What if the line was:
int a[..] = p[0..12]
Do we still get undefined behaviour?> A bounds checked array can be turned into a pointer:
> int *p = &a[3]; // point to 3rd element of a[..]
Assuming that a indexes from 0 to 9, what happens when we use p with an out of range index, for example:
int *p = &a[8];
blah = p[3];
My main concern is how to tell other functions that the array has a maximum size, and how to determine (inside a function) what the maximum length of its parameters is.That's right, when a bounds checked array is converted to a pointer, the bounds does not go with it. Presumably, the function receiving the p has some way to determine the length (such as strlen, or via another parameter) from which the correct array can be reconstructed by doing a slice.

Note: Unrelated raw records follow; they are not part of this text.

(* Let $\vec f=(f_1,\dots,f_n)$ be a profile of acknowledgement-based protocols, let $i\in[n]$, and fix a protocol $f_i'$ for player $i$. For $\tau^*\ge1$ and a history $h_{i,\tau^*}=(a_{i,1},\dots,a_{i,\tau^*})$ consistent with $(\vec f_{-i},f_i')$, let $r_i(h_{i,\tau^*})$ be the protocol that plays $a_{i,t}$ with probability $1$ at each slot $1\le t\le\tau^*$ and follows $f'_{i,t}$ for $t>\tau^*$. If there exists a finite $\tau^*\ge1$ such that $C_i^{(\vec f_{-i},r_i(h_{i,\tau^*}))}(h_0)\ge C_i^{(\vec f_{-i},f_i)}(h_0)$ for every such $h_{i,\tau^*}$, then $C_i^{(\vec f_{-i},f_i')}(h_0)\ge C_i^{(\vec f_{-i},f_i)}(h_0)$.
   Context: Contention game: $n$ players, channels $K=\{1,\dots,k\}$, slots $t=1,2,\dots$; each player has one packet, initially pending; in each slot a pending player chooses (possibly randomly) an action in $\{0,1,\dots,k\}$ ($0$ = idle, $a$ = transmit on channel $a$); a lone transmitter on a channel succeeds and leaves, colliding transmitters remain pending. Acknowledgement-based protocols: decision rules depend only on the player's personal action history; only transmitting players learn whether they succeeded. $T_i$ is player $i$'s latency and $C_i^{\vec g}(h_0)=\mathbb E[T_i\mid \vec g]$ her unconditional expected latency under profile $\vec g$; $(\vec f_{-i},g_i)$ is $\vec f$ with $f_i$ replaced by $g_i$. A history is consistent with a profile if it occurs for player $i$ with positive probability under it. *)

From HB Require Import structures.
From mathcomp Require Import all_boot all_order all_algebra.
From mathcomp Require Import all_classical all_reals all_analysis.
Set Implicit Arguments. Unset Strict Implicit. Unset Printing Implicit Defensive.
Import Order.TTheory GRing.Theory Num.Theory.
Local Open Scope ring_scope.
Lemma marginal_product_stationary (h : state J -> R) : (forall n, 0 <= h n) ->
  (forall n m : state J, (forall j, gamma j == 0 -> m j = n j) -> h m = h n) ->
  (\esum_(n in [set: state J]) (product_form gamma (marginal eta mu) h n)%:E = 1)%E ->
  stationary (rate lam mu r gamma) (product_form gamma (marginal eta mu) h).
Proof.
move=> h_ge0 h_frozen; apply: product_form_stationary => //.
- exact: eta_ord0.
- exact: marginal_ge0.
- exact: marginal_rec.
Qed.

Lemma xi_stationary : stationary (rate lam mu r gamma) (xi eta mu).
Proof.
rewrite (xi_product_form eta mu gamma); apply: marginal_product_stationary.
- by move=> n; apply: prodr_ge0 => j _; exact: marginal_ge0.
- by move=> n m frozen; apply: eq_bigr => j /frozen ->.
- by rewrite -xi_product_form esum_xi.
Qed.

Lemma xi_phi_stationary (phi : Bconf gamma -> R) :
  (forall c, 0 <= phi c) -> (\esum_(c in [set: Bconf gamma]) (phi c)%:E = 1)%E ->
  stationary (rate lam mu r gamma) (xi_phi eta mu phi).
Proof.
move=> phi_ge0 phi1; apply: marginal_product_stationary; rewrite ?esum_xi_phi // => n m frozen.
by congr phi; apply/ffunP => k; rewrite !ffunE frozen //; exact: (valP k).
Qed.

End Stationarity.

Arguments xi_stationary {R J lam r eta mu gamma}.
Arguments xi_phi_stationary {R J lam r eta mu gamma}.

Theorem theorem3p4 (R : realType) (J : nat) (lamj : 'I_J -> R) (lam : R)
    (r : 'I_J.+1 -> 'I_J.+1 -> R) (eta : 'I_J.+1 -> R) (mu : 'I_J -> nat -> R)
    (gamma : 'I_J -> R) :
  (forall j, 0 <= lamj j) ->
  lam = \sum_(j : 'I_J) lamj j -> 0 < lam ->
  (forall a b, 0 <= r a b) ->
  (forall a, \sum_(b : 'I_J.+1) r a b = 1) ->
  (forall a b, connect (fun a b => 0 < r a b) a b) ->
  r ord0 ord0 = 0 ->
  (forall j, r ord0 (ext j) = lamj j / lam) ->
  eta ord0 = lam ->
  (forall b, eta b = \sum_(a : 'I_J.+1) eta a * r a b) ->
  (forall a b, eta a * r a b = eta b * r b a) ->
  (forall j k, (0 < k)%N -> 0 < mu j k) ->
  (forall j, cvgn (series (pterm eta mu j))) ->
  ergodic (rate lam mu r (fun _ => 1)) ->
  (forall j, 0 <= gamma j <= 1) ->
  [/\ stationary (rate lam mu r gamma) (xi eta mu),
      (forall j, gamma j != 0) -> ergodic (rate lam mu r gamma) &
      (exists j, gamma j == 0) ->
        [/\ ~ irreducible (rate lam mu r gamma),
            (forall n m : state J, 0 < rate lam mu r gamma n m ->
               forall j, gamma j == 0 -> m j = n j) &
            forall phi : Bconf gamma -> R,
              (forall c, 0 <= phi c) ->
              (\esum_(c in [set: Bconf gamma]) (phi c)%:E = 1)%E ->
              stationary (rate lam mu r gamma) (xi_phi eta mu phi)]].
Proof.
move=> _ _ lam_gt0 r_ge0 _ r_conn _ _ eta_ord0 _ r_rev mu_gt0 summable ergodic1 gamma01.
have eta_gt0 : forall b, 0 < eta b.
  by apply: (reversible_gt0 (i0 := ord0)) => //; rewrite eta_ord0.
have lam_ge0 := ltW lam_gt0.
have gamma_ge0 j : 0 <= gamma j by case/andP: (gamma01 j).
have xi_st := xi_stationary r_ge0 lam_ge0 eta_ord0 r_rev eta_gt0 mu_gt0 summable gamma_ge0.
split=> // [gamma_gt0|[j gj]].
- split; last by exists (xi eta mu).
  apply: irreducible_transfer ergodic1.1 => // i.
  by rewrite lt_def gamma_gt0 gamma01.
- split; first exact: blocked_not_irreducible gj.
  + by move=> n m; exact: rate_frozen.
  + exact: (xi_phi_stationary r_ge0 lam_ge0 eta_ord0 r_rev eta_gt0 mu_gt0 summable gamma_ge0).
Qed.
Definition alt_harmonic K : R :=
  \sum_(1 <= k < K.+1) ((k.*2)%:R^-1 - (k.*2.+1)%:R^-1).

Lemma sum_ln_succ_sub K : \sum_(K.+1 <= j < K.*2.+2) (ln (j.+1%:R : R) - ln j%:R) = ln 2.
Proof.
rewrite telescope_sumr; last by lia.
have -> : (K.*2.+2)%:R = 2 * K.+1%:R :> R by rewrite -natrM mul2n doubleS.
by rewrite lnM ?posrE ?ltr0n //; lra.
Qed.

Lemma ln2_le_harmonic_block K : ln 2 <= harmonic_block K.
Proof.
rewrite -(sum_ln_succ_sub K); apply: ler_sum_nat => j /andP[j1 _].
by rewrite -natr1 ln_succ_sub_le // ltr0n; lia.
Qed.

Lemma harmonic_block_le K : harmonic_block K <= ln 2 + K.+1%:R^-1.
Proof.
have telescope : \sum_(K.+1 <= j < K.*2.+2) (j%:R^-1 - j.+1%:R^-1)
    = K.+1%:R^-1 - K.*2.+2%:R^-1 :> R.
  rewrite (telescope_sumr_eq (fun j => - (j%:R : R)^-1)); first by rewrite opprK addrC.
    by lia.
  by move=> k _; rewrite opprK addrC.
have : harmonic_block K <= \sum_(K.+1 <= j < K.*2.+2)
    ((ln (j.+1%:R : R) - ln j%:R) + (j%:R^-1 - j.+1%:R^-1)).
  apply: ler_sum_nat => j /andP[j1 _].
  have j_gt0 : (0 : R) < j%:R by rewrite ltr0n; lia.
  by have := ln_succ_sub_ge j_gt0; rewrite -natr1; lra.
rewrite big_split /= telescope sum_ln_succ_sub.
have : 0 <= K.*2.+2%:R^-1 :> R by rewrite invr_ge0.
by move=> h1 h2; apply: (le_trans h2); rewrite lerD2l lerBlDr lerDl.
Qed.

Lemma alt_harmonicD_harmonic_block K : alt_harmonic K + harmonic_block K = 1.
Proof.
elim: K => [|K IHK].
  by rewrite /alt_harmonic /harmonic_block big_geq // big_nat1 invr1 add0r.
pose V := \sum_(K.+2 <= j < K.*2.+2) (j%:R : R)^-1.
have eU : harmonic_block K = K.+1%:R^-1 + V by rewrite /harmonic_block big_ltn //; lia.
have eU' : harmonic_block K.+1 = V + K.+1.*2%:R^-1 + K.+1.*2.+1%:R^-1.
  rewrite /harmonic_block doubleS big_nat_recr /=; last lia.
  by rewrite big_nat_recr /=; last lia.
have half : K.+1.*2%:R^-1 = K.+1%:R^-1 / 2 :> R by rewrite -muln2 natrM invfM.
have eT : alt_harmonic K.+1 = alt_harmonic K + (K.+1.*2%:R^-1 - K.+1.*2.+1%:R^-1).
  by rewrite /alt_harmonic big_nat_recr.
move: IHK; rewrite eT eU eU' half; clearbody V.
by set a := K.+1%:R^-1; set b := K.+1.*2.+1%:R^-1; lra.
Qed.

> What if the line was: int a[..] = p[0..12] Do we still get undefined behaviour?
Yes, if the 12 extends past the end of the data p points to.
> Assuming that a indexes from 0 to 9, what happens when we use p with an out of range index, for example: int *p = &a[8]; blah = p[3];
You get undefined behavior.
> My main concern is how to tell other functions that the array has a maximum size
The same way it's done now, by strlen, passing another argument with the length, or the function is able to get the length by other means. When a bounds checked array is converted to a pointer, the bounds are not part of the pointer.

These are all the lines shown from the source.